Consideraciones Previas a la Cocción
Selección y Frescura de los Huevos
Lo mejor es utilizar huevos frescos y ecológicos, de gallinas criadas en suelo y no en jaulas. No siempre se consiguen encontrar, pero en la medida de lo posible, se recomienda comprarlos por su sabor y calidad. Los huevos que compramos no siempre son todo lo frescos que deberían.
Existe un truco muy fácil para saber si un huevo es fresco: basta con llenar un recipiente con agua e introducir en él el huevo. Si se queda en el fondo del recipiente es que el huevo es fresco, si flota es que no lo es.

Temperatura y Tamaño del Huevo
La recomendación general es que los huevos se mantengan en la nevera. Para esta receta y tiempos, se utilizan huevos a temperatura ambiente, sacándolos al menos una hora antes de la nevera. Si se van a utilizar recién sacados del refrigerador, se recomienda añadir un minuto más a los tiempos de cocción.
El tamaño de los huevos influye; por ejemplo, los huevos de tamaño M necesitarán un poquito menos de tiempo que los L, seguramente con un minuto menos estén listos. Cuanto más pequeño es un huevo, menos tiempo tiene que cocer. Sin embargo, para huevos L o M, se pueden seguir los mismos tiempos indicados y siempre suelen salir bien.
Sacar los huevos de la nevera unos 15 o 20 minutos antes de hervirlos ayuda a que se atemperen y no sufran un cambio brusco de temperatura cuando se introducen en el agua, lo que reduce el riesgo de que la cáscara se quiebre.
Ingredientes Adicionales
- Agua: Suficiente para que al introducir los huevos queden completamente cubiertos.
- Vinagre: Una cucharada sopera de vinagre por cada litro de agua (o una cucharada para hasta 6 huevos). El vinagre ayuda a que, si algún huevo se rompe, la clara se cuaje rápidamente y no se desparrame.
- Sal: Una pizca de sal.
- Hielo: Unos pocos cubitos de hielo para cortar la cocción.
Métodos de Cocción del Huevo
Hay dos opciones principales para cocer un huevo: llevarlo al agua cuando está fría o una vez que ya está hirviendo.

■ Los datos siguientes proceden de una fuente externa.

(* Let $n$ be even and let $N$ be a $4$-net of order $n$ with parallel classes $\Pi_0,\dots,\Pi_3$ and a relation $\mathcal R$ of type $(\lambda_0,\dots,\lambda_3)$. Put $g_i=\frac n2-\lambda_i$. Then for every $\mathbf b=(b_0,\dots,b_3)\in\{0,1\}^4$ with an even number of ones, $$t_{\mathbf b}=\frac18 n^2+\frac14 n\sum_{i=0}^{3}(-1)^{b_i}g_i+\frac14\sum_{0\le i<j\le 3}(-1)^{b_i+b_j}g_ig_j .$$
   Context: A $k$-net of order $n$ is a set $P$ of $n^2$ points together with a set $L$ of $kn$ lines (subsets of $P$), each line containing $n$ points and each point lying on $k$ lines, such that $L$ partitions into $k$ parallel classes $\Pi_0,\dots,\Pi_{k-1}$ of $n$ pairwise disjoint lines each, and any two lines from different parallel classes meet in exactly one point. A relation on a net is a set $\mathcal R\subseteq L$ such that every point lies on an even number of lines of $\mathcal R$. Its type is $(\lambda_0,\dots,\lambda_{k-1})$ with $\lambda_i=|\mathcal R\cap\Pi_i|$. The type of a point $p$ is the binary string $\mathbf b\in\{0,1\}^k$ with $b_i=1$ iff the line of $\Pi_i$ through $p$ lies in $\mathcal R$; $t_{\mathbf b}$ is the number of points of type $\mathbf b$. *)

From mathcomp Require Import all_boot all_order all_algebra.
Set Implicit Arguments. Unset Strict Implicit. Unset Printing Implicit Defensive.

Definition is_net (P L : finType) (k n : nat)
    (pts : L -> {set P}) (cls : L -> 'I_k) : Prop :=
  #|P| = (n ^ 2)%N /\
      injective pts /\
      (forall i : 'I_k, #|[set l | cls l == i]| = n) /\
      (forall l : L, #|pts l| = n) /\
      (forall p : P, #|[set l | p \in pts l]| = k) /\
      (forall l l' : L, cls l = cls l' -> l != l' ->
          [disjoint pts l & pts l']) /\
    (forall l l' : L, cls l != cls l' ->
          #|pts l :&: pts l'| = 1%N).

Definition is_relation (P L : finType) (pts : L -> {set P}) (R : {set L}) : Prop :=
  forall p : P, ~~ odd #|[set l in R | p \in pts l]|.

Definition rel_type (L : finType) (k : nat) (cls : L -> 'I_k) (R : {set L}) (i : 'I_k) : nat :=
  #|[set l in R | cls l == i]|.

Definition point_type (P L : finType) (k : nat) (pts : L -> {set P}) (cls : L -> 'I_k)
    (R : {set L}) (p : P) (i : 'I_k) : bool :=
  [exists l, [&& l \in R, cls l == i & p \in pts l]].

Definition t_count (P L : finType) (k : nat) (pts : L -> {set P}) (cls : L -> 'I_k)
    (R : {set L}) (b : 'I_k -> bool) : nat :=
  #|[set p : P | [forall i, point_type pts cls R p i == b i]]|.

From mathcomp Require Import all_boot all_order all_algebra ring.
Import GRing.Theory Num.Theory.
Set Implicit Arguments. Unset Strict Implicit. Unset Printing Implicit Defensive.
Local Open Scope ring_scope.

(* Write s_i(p) = (-1)^(b_i(p)) for the signs of the type of a point p.  Since R
   is a relation, every point type has even weight, and on even-weight vectors
   the indicator of "x = b" expands in sign characters as
     16 [x = b] = 2 + 2 sum_i s_i(b) s_i(x) + sum_(i<j) s_i(b) s_j(b) s_i(x) s_j(x).
   Summing over the points, double counting in the net gives
   sum_p s_i(p) = n (n - 2 lambda_i) = 2 n g_i and, as each line of R in class i
   meets each line of R in class j exactly once,
   sum_p s_i(p) s_j(p) = (n - 2 lambda_i) (n - 2 lambda_j) = 4 g_i g_j. *)

Lemma sum_mem_card (T : finType) (A : {pred T}) : (\sum_x (x \in A) = #|A|)%N.
Proof. by rewrite -sum1_card [RHS]big_mkcond; apply: eq_bigr => x _; case: (x \in A). Qed.

Lemma indicator_eq_even_weightE (F : comPzRingType) (x b : 'I_4 -> bool) :
  ~~ odd (\sum_i x i) -> ~~ odd (\sum_i b i) ->
  ((16 * [forall i, x i == b i])%N%:R : F) =
    2 + 2 * \sum_i (-1) ^+ b i * (-1) ^+ x i
      + \sum_(i < 4) \sum_(j < 4 | (i < j)%N) (-1) ^+ (b i + b j) * ((-1) ^+ x i * (-1) ^+ x j).
Proof.
(* With chi_S = prod_(i in S) s_i, the 16 products chi_S(b) chi_S(x) sum to
   16 [x = b]; on even-weight vectors S and its complement give the same
   character, which folds the sum. *)
have -> : [forall i, x i == b i] = \big[andb/true]_i (x i == b i).
  by rewrite big_andE.
rewrite !big_ord_recl !big_ord0 /=.
rewrite !(big_mkcond (fun j : 'I_4 => (_ < j)%N)) !big_ord_recl !big_ord0 /=.
move: (x _) (x _) (x _) (x _) (b _) (b _) (b _) (b _).
by do 8!case; move=> //= _ _; ring.
Qed.

Section NetCounting.

Variables (P L : finType) (k n : nat) (pts : L -> {set P}) (cls : L -> 'I_k).
Variable R : {set L}.
Hypothesis card_points : #|P| = (n ^ 2)%N.
Hypothesis card_line : forall l, #|pts l| = n.
Hypothesis parallel_disjoint :
  forall l l', cls l = cls l' -> l != l' -> [disjoint pts l & pts l'].
Hypothesis transversal_meet :
  forall l l', cls l != cls l' -> #|pts l :&: pts l'| = 1%N.

Local Notation type p i := (point_type pts cls R p i).
Local Notation lambda i := (rel_type cls R i).

Lemma point_typeE p i : (type p i : nat) = (\sum_(l in R | cls l == i) (p \in pts l))%N.
Proof.
have [/existsP[l0 /and3P[l0R l0i pl0]] | notype] := boolP (type p i); last first.
  rewrite big1 // => l /andP[lR li]; apply/eqP; rewrite eqb0.
  by apply: contra notype => pl; apply/existsP; exists l; rewrite lR li.
rewrite (bigD1 l0) /=; last by rewrite l0R.
rewrite pl0 big1 // => l /andP[/andP[lR /eqP li] nl]; apply/eqP; rewrite eqb0.
apply/negP => pl; have /eqP := l0i; rewrite -li => /esym /parallel_disjoint /(_ nl).
by move/disjoint_setI0/setP/(_ p); rewrite !inE pl pl0.
Qed.

Lemma sum_point_type i : (\sum_p type p i = n * lambda i)%N.
Proof.
under eq_bigr do rewrite point_typeE.
rewrite exchange_big /=.
under eq_bigr do rewrite sum_mem_card card_line.
by rewrite sum_nat_const mulnC; congr (_ * _); apply: eq_card => l; rewrite inE.
Qed.

Lemma sum_point_type2 i j : i != j ->
  (\sum_p (type p i && type p j) = lambda i * lambda j)%N.
Proof.
move=> neq_ij.
under eq_bigr do rewrite -mulnb !point_typeE big_distrlr /=.
rewrite exchange_big /=.
under eq_bigr do rewrite exchange_big /=.
rewrite /rel_type -!sum1dep_card big_distrlr /=.
apply: eq_bigr => l /andP[_ /eqP li]; apply: eq_bigr => l' /andP[_ /eqP l'j].
rewrite muln1 -(@transversal_meet l l') ?li ?l'j // -sum_mem_card.
by apply: eq_bigr => p _; rewrite inE mulnb.
Qed.

Lemma point_type_even : is_relation pts R -> forall p, ~~ odd (\sum_i type p i).
Proof.
move=> relR p; under eq_bigr do rewrite point_typeE.
rewrite -(partition_big cls xpredT) //= -big_mkcondr sum1dep_card.
exact: relR.
Qed.

Lemma sum_sign_point_type {F : comPzRingType} i :
  \sum_p ((-1) ^+ type p i : F) = n%:R * (n%:R - 2 * (lambda i)%:R).
Proof.
under eq_bigr do rewrite signrE -muln2 natrM.
rewrite sumrB sumr_const -mulr_suml -natr_sum sum_point_type card_points.
by rewrite natrM natrX; ring.
Qed.

Lemma sum_sign_point_type2 {F : comPzRingType} i j : i != j ->
  \sum_p ((-1) ^+ type p i * (-1) ^+ type p j : F) =
    (n%:R - 2 * (lambda i)%:R) * (n%:R - 2 * (lambda j)%:R).
Proof.
move=> neq_ij.
have signM (a c : bool) : (-1) ^+ a * (-1) ^+ c =
    1 - 2 * (a : nat)%:R - 2 * (c : nat)%:R + 4 * (a && c : nat)%:R :> F.
  by case: a; case: c => /=; ring.
under eq_bigr do rewrite signM.
rewrite !big_split /= !sumrN sumr_const -!mulr_sumr -!natr_sum.
rewrite !sum_point_type sum_point_type2 // card_points.
by rewrite natrX !natrM; ring.
Qed.

End NetCounting.

Theorem mainTheorem3 (P L : finType) (n : nat) (pts : L -> {set P}) (cls : L -> 'I_4)
    (R : {set L}) :
  ~~ odd n ->
  is_net n pts cls ->
  is_relation pts R ->
  let g := fun i : 'I_4 => (n%:R / 2 - (rel_type cls R i)%:R : rat) in
  forall b : 'I_4 -> bool,
    ~~ odd #|[set i | b i]| ->
    ((t_count pts cls R b)%:R : rat) =
      (n%:R ^+ 2) / 8
      + n%:R / 4 * (\sum_(i < 4) (-1) ^+ b i * g i)
      + 1 / 4 * (\sum_(i < 4) \sum_(j < 4 | (i < j)%N) (-1) ^+ (b i + b j)%N * g i * g j).
Proof.
move=> _ [card_points [_ [_ [card_line [_ [disj meet]]]]]] relR g b.
rewrite -sum_mem_card; under eq_bigr do rewrite inE; move=> even_b.
apply: (@mulfI _ 16) => //.
rewrite /t_count -sum_mem_card natr_sum mulr_sumr.
under eq_bigr => p _ do rewrite inE -natrM
  (indicator_eq_even_weightE _ (point_type_even disj relR p) even_b).
rewrite !big_split /= sumr_const card_points -!mulr_sumr.
rewrite exchange_big [X in _ + X = _]exchange_big /=.
under [X in _ + X = _]eq_bigr do rewrite exchange_big.
rewrite !mulrDr; congr (_ + _ + _).
- by rewrite natrX; field.
- rewrite !mulrA !mulr_sumr; apply: eq_bigr => i _.
  by rewrite -mulr_sumr (sum_sign_point_type _ card_points card_line disj) /g; field.
- rewrite mulrA mulr_sumr; apply: eq_bigr => i _; rewrite mulr_sumr.
  apply: eq_bigr => j lt_ij; have neq_ij : i != j by rewrite -val_eqE ltn_eqF.
  rewrite -mulr_sumr (sum_sign_point_type2 _ card_points card_line disj meet neq_ij).
  by rewrite /g; field.
Qed.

Cocción Empezando con Agua Fría
Para cocer los huevos desde agua fría, lo primero es llenar un cazo con agua del tiempo o fría y meter los huevos dentro. Es aconsejable no cocer más de tres o cuatro huevos a la vez para que tengan su espacio y queden completamente sumergidos.
Una vez que los huevos estén en el cazo, se lleva a ebullición con el fuego al máximo. Cuando el agua empiece a hervir, se baja el fuego para que la cocción sea más suave pero manteniendo la ebullición.

Cocción Empezando con Agua Hirviendo
Poner un cazo u olla con abundante agua a calentar a temperatura media-alta hasta que llegue a ebullición. Se añade una pizca de sal y una cucharada sopera de vinagre. Cuando el agua esté hirviendo, se van colocando los huevos uno a uno en una cuchara sopera y se introducen suavemente en el agua.
Para evitar que los huevos se rompan al introducirlos en agua hirviendo, se pueden pinchar ligeramente con una aguja en la base. Si es muy importante que no se rompan, otra técnica es introducirlos uno a uno en el agua cuando todavía no esté hirviendo y después cocer un minuto más de los tiempos indicados.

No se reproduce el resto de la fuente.